■ WHAT TO PRODUCE:
Scan the material for the word "Implicit" and return every matching line.

+++

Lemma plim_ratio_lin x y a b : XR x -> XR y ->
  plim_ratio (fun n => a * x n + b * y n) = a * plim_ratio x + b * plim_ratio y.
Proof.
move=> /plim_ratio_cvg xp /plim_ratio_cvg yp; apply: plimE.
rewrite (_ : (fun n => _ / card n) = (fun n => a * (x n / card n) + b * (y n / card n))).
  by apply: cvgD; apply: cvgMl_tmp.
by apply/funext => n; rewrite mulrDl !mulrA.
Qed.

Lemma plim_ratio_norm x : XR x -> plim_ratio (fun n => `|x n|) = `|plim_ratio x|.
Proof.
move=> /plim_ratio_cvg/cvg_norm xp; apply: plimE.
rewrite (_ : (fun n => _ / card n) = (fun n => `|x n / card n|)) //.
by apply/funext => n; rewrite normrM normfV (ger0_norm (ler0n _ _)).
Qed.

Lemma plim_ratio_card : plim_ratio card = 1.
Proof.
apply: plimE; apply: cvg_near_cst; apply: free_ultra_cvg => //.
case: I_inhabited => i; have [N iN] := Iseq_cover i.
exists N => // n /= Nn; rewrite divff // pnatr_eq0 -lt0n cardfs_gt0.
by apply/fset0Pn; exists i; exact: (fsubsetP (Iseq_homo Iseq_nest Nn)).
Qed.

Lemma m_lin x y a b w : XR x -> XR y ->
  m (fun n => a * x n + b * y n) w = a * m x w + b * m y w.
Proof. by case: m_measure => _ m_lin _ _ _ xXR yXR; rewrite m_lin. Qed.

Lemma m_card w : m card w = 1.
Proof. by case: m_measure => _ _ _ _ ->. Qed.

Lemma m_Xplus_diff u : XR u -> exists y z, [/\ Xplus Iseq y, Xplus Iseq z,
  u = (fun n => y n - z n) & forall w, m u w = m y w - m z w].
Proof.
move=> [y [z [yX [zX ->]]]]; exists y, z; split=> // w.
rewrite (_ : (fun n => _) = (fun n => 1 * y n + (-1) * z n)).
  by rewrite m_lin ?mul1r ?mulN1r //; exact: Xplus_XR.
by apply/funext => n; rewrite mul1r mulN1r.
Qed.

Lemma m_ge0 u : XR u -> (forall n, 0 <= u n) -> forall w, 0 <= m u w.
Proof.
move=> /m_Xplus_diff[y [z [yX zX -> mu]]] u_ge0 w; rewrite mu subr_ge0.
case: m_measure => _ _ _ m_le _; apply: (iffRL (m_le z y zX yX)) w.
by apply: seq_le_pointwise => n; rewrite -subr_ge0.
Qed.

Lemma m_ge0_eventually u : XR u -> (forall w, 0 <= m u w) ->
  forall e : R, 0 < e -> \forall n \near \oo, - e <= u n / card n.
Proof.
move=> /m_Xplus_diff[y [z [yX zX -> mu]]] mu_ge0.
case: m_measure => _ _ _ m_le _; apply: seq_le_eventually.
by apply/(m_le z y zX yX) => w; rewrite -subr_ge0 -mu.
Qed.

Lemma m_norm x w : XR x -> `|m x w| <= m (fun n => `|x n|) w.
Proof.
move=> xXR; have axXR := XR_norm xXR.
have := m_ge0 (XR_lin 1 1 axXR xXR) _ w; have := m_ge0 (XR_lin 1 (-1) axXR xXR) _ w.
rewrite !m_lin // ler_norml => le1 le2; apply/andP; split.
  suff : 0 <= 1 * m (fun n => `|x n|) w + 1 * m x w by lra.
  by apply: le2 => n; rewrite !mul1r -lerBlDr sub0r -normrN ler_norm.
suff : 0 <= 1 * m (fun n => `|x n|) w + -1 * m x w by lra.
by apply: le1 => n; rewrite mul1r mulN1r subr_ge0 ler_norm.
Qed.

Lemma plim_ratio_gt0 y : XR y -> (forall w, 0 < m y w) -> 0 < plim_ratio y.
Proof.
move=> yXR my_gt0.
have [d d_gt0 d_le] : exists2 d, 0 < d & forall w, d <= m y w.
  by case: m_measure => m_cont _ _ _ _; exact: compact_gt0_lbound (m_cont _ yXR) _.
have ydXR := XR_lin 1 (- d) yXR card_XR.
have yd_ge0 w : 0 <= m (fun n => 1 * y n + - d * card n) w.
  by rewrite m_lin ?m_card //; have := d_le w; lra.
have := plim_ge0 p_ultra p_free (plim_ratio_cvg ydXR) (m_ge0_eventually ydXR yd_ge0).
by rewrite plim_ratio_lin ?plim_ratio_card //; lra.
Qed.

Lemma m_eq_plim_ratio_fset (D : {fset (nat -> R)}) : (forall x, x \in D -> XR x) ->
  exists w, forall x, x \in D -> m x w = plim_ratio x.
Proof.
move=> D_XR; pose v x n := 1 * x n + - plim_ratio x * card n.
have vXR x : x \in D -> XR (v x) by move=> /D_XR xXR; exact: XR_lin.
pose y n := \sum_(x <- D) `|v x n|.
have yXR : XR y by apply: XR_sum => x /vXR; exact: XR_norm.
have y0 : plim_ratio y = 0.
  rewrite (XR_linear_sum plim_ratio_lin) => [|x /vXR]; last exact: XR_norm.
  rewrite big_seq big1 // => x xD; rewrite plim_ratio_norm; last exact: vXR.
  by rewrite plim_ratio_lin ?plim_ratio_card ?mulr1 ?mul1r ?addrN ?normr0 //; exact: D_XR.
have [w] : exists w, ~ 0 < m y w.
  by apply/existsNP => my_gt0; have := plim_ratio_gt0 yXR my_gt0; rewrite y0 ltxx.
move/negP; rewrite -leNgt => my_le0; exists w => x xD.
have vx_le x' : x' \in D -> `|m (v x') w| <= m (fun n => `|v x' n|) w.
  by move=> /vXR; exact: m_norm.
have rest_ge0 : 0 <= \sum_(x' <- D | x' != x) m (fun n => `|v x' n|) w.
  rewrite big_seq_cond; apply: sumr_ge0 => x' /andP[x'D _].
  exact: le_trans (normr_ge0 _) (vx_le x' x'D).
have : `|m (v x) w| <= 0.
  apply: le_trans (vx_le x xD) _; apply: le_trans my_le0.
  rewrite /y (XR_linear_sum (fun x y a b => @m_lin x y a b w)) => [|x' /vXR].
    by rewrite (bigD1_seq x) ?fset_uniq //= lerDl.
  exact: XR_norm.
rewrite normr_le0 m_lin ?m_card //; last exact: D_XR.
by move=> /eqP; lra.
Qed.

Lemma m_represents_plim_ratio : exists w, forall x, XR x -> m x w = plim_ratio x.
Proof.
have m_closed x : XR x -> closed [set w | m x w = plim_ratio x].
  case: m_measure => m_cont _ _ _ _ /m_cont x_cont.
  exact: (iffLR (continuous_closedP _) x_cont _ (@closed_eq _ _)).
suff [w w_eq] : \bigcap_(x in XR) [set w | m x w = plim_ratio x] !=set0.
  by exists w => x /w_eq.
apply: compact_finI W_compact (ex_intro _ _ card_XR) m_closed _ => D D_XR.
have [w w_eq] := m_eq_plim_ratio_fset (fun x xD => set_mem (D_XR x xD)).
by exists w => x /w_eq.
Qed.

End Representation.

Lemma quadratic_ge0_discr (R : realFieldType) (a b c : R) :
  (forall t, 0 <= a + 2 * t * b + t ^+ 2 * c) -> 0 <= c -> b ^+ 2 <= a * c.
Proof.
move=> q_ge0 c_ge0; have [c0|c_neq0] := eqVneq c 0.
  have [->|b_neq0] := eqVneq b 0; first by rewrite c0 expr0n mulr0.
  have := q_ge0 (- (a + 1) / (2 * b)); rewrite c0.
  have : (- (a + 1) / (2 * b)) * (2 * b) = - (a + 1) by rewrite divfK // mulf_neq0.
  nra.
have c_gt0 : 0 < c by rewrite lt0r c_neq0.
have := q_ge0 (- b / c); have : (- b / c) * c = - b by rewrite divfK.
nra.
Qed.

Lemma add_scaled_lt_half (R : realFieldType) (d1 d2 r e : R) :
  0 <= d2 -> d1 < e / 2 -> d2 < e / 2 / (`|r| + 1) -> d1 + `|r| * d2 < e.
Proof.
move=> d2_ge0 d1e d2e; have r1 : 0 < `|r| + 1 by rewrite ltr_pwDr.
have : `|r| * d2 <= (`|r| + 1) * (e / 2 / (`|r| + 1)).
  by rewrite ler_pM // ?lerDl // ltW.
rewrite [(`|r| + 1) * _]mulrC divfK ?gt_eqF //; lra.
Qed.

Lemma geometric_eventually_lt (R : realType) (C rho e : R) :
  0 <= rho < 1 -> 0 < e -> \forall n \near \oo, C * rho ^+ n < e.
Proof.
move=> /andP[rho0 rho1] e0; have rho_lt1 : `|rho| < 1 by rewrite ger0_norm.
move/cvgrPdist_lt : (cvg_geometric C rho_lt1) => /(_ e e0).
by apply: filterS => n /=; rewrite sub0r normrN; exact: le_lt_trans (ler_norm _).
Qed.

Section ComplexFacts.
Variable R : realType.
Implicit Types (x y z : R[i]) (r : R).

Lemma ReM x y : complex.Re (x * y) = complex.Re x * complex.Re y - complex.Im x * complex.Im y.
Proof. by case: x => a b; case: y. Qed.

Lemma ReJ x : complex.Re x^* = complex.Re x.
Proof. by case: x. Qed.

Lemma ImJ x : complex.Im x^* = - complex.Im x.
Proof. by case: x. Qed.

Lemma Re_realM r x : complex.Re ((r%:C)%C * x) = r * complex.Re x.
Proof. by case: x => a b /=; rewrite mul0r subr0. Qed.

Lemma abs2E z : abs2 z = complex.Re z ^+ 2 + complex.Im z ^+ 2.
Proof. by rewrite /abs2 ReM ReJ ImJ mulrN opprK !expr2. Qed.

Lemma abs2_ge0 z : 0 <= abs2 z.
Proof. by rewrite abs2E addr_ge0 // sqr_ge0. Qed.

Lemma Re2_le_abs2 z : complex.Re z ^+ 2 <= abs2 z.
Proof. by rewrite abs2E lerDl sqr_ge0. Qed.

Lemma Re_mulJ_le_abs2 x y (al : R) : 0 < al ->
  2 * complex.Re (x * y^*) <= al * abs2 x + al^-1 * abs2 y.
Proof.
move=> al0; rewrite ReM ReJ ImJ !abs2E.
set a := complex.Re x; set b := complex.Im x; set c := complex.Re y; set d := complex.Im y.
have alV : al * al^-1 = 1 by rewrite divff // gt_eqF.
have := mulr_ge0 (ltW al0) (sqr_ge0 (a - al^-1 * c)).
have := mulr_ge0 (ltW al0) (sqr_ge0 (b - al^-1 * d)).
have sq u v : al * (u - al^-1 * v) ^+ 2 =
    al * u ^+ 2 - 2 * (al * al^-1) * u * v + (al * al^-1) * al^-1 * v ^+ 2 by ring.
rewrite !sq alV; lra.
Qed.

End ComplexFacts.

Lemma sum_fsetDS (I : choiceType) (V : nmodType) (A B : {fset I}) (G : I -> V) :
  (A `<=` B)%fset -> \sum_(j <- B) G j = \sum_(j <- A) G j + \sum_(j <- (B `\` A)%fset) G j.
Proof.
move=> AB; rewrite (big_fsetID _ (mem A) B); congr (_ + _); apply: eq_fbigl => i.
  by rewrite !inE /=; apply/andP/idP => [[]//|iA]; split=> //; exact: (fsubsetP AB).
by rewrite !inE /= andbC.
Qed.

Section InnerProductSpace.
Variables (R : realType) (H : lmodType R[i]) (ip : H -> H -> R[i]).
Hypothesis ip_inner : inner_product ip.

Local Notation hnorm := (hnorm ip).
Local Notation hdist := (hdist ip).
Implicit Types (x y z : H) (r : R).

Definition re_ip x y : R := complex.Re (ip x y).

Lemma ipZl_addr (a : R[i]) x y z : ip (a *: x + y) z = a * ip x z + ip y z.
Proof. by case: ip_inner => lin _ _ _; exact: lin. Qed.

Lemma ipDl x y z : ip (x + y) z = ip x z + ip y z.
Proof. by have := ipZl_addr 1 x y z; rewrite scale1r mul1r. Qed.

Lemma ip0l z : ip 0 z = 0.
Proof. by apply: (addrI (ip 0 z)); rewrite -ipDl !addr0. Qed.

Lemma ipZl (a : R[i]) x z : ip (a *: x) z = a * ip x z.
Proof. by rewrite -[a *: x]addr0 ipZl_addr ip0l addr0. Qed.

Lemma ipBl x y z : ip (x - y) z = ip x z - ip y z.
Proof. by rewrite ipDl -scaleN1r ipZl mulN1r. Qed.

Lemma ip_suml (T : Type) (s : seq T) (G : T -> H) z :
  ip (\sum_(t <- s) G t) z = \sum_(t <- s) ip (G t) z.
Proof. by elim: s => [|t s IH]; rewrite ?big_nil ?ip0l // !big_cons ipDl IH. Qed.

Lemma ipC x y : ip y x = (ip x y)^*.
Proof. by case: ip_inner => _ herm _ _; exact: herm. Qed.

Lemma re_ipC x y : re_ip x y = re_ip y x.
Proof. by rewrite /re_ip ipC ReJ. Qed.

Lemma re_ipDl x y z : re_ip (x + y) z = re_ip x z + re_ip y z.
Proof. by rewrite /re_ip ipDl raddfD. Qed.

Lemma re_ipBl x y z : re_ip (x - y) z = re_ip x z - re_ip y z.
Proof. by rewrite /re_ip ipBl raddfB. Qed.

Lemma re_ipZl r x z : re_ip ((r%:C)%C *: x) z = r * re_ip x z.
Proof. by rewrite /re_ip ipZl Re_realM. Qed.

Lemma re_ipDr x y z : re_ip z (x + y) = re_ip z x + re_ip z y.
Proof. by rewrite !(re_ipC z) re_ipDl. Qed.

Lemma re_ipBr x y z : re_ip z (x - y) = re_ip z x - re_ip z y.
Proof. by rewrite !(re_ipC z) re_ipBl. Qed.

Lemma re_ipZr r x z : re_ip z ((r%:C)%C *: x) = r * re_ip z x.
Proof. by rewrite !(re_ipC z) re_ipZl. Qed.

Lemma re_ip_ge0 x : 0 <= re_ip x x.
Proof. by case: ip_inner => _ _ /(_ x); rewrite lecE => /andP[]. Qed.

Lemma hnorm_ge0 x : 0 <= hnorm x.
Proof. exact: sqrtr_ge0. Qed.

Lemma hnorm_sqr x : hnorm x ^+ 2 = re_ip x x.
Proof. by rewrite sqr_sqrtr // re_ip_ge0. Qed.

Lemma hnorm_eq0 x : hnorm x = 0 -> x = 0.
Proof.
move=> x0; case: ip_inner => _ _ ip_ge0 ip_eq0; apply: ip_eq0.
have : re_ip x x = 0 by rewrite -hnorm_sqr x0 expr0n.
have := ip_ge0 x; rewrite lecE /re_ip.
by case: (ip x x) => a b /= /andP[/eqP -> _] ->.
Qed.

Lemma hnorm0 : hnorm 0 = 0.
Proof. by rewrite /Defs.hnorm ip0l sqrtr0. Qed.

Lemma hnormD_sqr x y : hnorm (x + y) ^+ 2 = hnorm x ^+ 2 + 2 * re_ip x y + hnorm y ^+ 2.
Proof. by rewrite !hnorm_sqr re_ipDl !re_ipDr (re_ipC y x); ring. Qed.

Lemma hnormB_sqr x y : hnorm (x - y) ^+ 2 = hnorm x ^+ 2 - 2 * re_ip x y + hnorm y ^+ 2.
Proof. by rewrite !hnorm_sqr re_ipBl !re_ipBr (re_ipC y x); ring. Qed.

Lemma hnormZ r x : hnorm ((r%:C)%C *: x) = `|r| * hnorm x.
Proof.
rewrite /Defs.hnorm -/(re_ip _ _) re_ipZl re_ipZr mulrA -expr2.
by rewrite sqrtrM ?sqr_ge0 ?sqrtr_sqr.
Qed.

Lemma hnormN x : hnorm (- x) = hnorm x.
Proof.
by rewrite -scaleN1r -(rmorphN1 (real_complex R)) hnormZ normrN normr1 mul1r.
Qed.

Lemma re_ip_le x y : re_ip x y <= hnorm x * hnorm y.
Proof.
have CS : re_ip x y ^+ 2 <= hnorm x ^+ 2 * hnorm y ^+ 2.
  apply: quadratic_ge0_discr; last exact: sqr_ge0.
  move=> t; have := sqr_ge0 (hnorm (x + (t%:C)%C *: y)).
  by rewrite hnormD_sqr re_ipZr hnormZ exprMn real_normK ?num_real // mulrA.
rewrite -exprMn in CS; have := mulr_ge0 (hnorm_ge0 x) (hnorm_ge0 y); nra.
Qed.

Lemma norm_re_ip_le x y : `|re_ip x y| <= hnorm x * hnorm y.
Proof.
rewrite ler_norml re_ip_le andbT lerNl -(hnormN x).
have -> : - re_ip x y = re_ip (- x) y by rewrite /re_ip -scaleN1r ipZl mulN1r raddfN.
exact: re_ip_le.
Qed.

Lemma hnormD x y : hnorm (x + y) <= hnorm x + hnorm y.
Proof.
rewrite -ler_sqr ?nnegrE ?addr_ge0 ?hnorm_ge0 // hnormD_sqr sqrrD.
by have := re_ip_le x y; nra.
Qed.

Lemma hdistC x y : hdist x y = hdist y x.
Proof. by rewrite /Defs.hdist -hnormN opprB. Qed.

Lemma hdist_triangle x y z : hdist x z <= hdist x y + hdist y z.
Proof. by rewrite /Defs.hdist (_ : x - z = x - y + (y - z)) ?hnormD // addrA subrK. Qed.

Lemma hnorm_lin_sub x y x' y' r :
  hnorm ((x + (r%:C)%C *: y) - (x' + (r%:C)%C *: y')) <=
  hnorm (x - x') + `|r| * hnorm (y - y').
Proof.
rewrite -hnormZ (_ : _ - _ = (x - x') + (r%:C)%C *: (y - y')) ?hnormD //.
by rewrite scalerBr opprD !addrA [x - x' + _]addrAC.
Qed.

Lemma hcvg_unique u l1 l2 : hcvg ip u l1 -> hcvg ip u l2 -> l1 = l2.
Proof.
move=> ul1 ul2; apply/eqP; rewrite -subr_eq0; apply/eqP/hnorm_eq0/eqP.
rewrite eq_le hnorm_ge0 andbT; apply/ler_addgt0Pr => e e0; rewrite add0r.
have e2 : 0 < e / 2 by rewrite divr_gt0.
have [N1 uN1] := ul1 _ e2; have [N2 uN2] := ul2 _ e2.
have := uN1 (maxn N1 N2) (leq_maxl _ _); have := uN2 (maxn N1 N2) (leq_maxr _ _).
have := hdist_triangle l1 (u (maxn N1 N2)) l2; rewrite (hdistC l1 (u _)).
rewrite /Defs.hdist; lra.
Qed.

+++

■ EXERCISE RESULT:
Implicit Types (x y z : R[i]) (r : R).
Implicit Types (x y z : H) (r : R).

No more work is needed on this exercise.